# Data entries
+--

Theorem theorem3p7 (R : realType) (n i : nat) (b c x sb sc : complex R) :
  (3 <= n)%N -> (1 <= i <= 7)%N ->
  b != 0 -> c != 0 -> x != 0 -> sb ^+ 2 = b -> sc ^+ 2 = c ->
  (forall M, zeta_image n i b c x sb sc M ->
     mx_invariant (delta_mx 0 ord_max : 'rV[complex R]_(n.+1)) M
     /\ mx_invariant (pid_mx n : 'M[complex R]_(n.+1)) M)
  /\ ((i <= 4)%N -> b * c != 1 ->
      forall W : 'M[complex R]_(n.+1),
        (W <= (pid_mx n : 'M[complex R]_(n.+1)))%MS ->
        (forall M, zeta_image n i b c x sb sc M -> mx_invariant W M) ->
        (W == (0 : 'M[complex R]_(n.+1)))%MS || (W == (pid_mx n : 'M[complex R]_(n.+1)))%MS).
Proof.
move=> n_ge3 i_range b0 c0 _ sb2 sc2; split.
  move=> M; rewrite /zeta_image.
  have : (zeta_data i b c x sb sc).2 0 1 = 0 /\ (zeta_data i b c x sb sc).2 1 0 = 0.
    by case: i {i_range} => [|[|[|[|[|[|[|i]]]]]]]; rewrite /= !mxE.
  by case: zeta_data => [[S Rho] G] /= [G01 G10]; apply: tvb_image_reducible.
move=> le_i4 bc_neq1 W W_pid.
have sb0 : sb != 0 by apply: contraNneq b0 => sb_0; rewrite -sb2 sb_0 expr0n.
have sc0 : sc != 0 by apply: contraNneq c0 => sc_0; rewrite -sc2 sc_0 expr0n.
have irreducible_for u v G : u * c = v * b -> (u * c) ^+ 2 = b * c ->
    (forall M, gen_by (tvb_gen_images n (antidiag2 b c) (antidiag2 u v) G) M ->
       mx_invariant W M) ->
    (W == (0 : 'M_n.+1))%MS || (W == (pid_mx n : 'M_n.+1))%MS.
  move=> uc_vb uc2; apply: tvb_antidiag_irreducible => //.
  by apply: contraNneq bc_neq1 => uc1; rewrite -uc2 uc1 expr1n.
have : i = 1 \/ i = 2 \/ i = 3 \/ i = 4 by lia.
case=> [|[|[|]]] ->; rewrite /zeta_image /= => W_inv;
  by apply: irreducible_for W_inv; rewrite -sb2 -sc2; field; rewrite ?sb0 ?sc0.
Qed.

+--

# INSTRUCTIONS FOR THE TASK
Would you return the entries exactly as they stand?

# ANSWER SECTION
Theorem theorem3p7 (R : realType) (n i : nat) (b c x sb sc : complex R) :
  (3 <= n)%N -> (1 <= i <= 7)%N ->
  b != 0 -> c != 0 -> x != 0 -> sb ^+ 2 = b -> sc ^+ 2 = c ->
  (forall M, zeta_image n i b c x sb sc M ->
     mx_invariant (delta_mx 0 ord_max : 'rV[complex R]_(n.+1)) M
     /\ mx_invariant (pid_mx n : 'M[complex R]_(n.+1)) M)
  /\ ((i <= 4)%N -> b * c != 1 ->
      forall W : 'M[complex R]_(n.+1),
        (W <= (pid_mx n : 'M[complex R]_(n.+1)))%MS ->
        (forall M, zeta_image n i b c x sb sc M -> mx_invariant W M) ->
        (W == (0 : 'M[complex R]_(n.+1)))%MS || (W == (pid_mx n : 'M[complex R]_(n.+1)))%MS).
Proof.
move=> n_ge3 i_range b0 c0 _ sb2 sc2; split.
  move=> M; rewrite /zeta_image.
  have : (zeta_data i b c x sb sc).2 0 1 = 0 /\ (zeta_data i b c x sb sc).2 1 0 = 0.
    by case: i {i_range} => [|[|[|[|[|[|[|i]]]]]]]; rewrite /= !mxE.
  by case: zeta_data => [[S Rho] G] /= [G01 G10]; apply: tvb_image_reducible.
move=> le_i4 bc_neq1 W W_pid.
have sb0 : sb != 0 by apply: contraNneq b0 => sb_0; rewrite -sb2 sb_0 expr0n.
have sc0 : sc != 0 by apply: contraNneq c0 => sc_0; rewrite -sc2 sc_0 expr0n.
have irreducible_for u v G : u * c = v * b -> (u * c) ^+ 2 = b * c ->
    (forall M, gen_by (tvb_gen_images n (antidiag2 b c) (antidiag2 u v) G) M ->
       mx_invariant W M) ->
    (W == (0 : 'M_n.+1))%MS || (W == (pid_mx n : 'M_n.+1))%MS.
  move=> uc_vb uc2; apply: tvb_antidiag_irreducible => //.
  by apply: contraNneq bc_neq1 => uc1; rewrite -uc2 uc1 expr1n.
have : i = 1 \/ i = 2 \/ i = 3 \/ i = 4 by lia.
case=> [|[|[|]]] ->; rewrite /zeta_image /= => W_inv;
  by apply: irreducible_for W_inv; rewrite -sb2 -sc2; field; rewrite ?sb0 ?sc0.
Qed.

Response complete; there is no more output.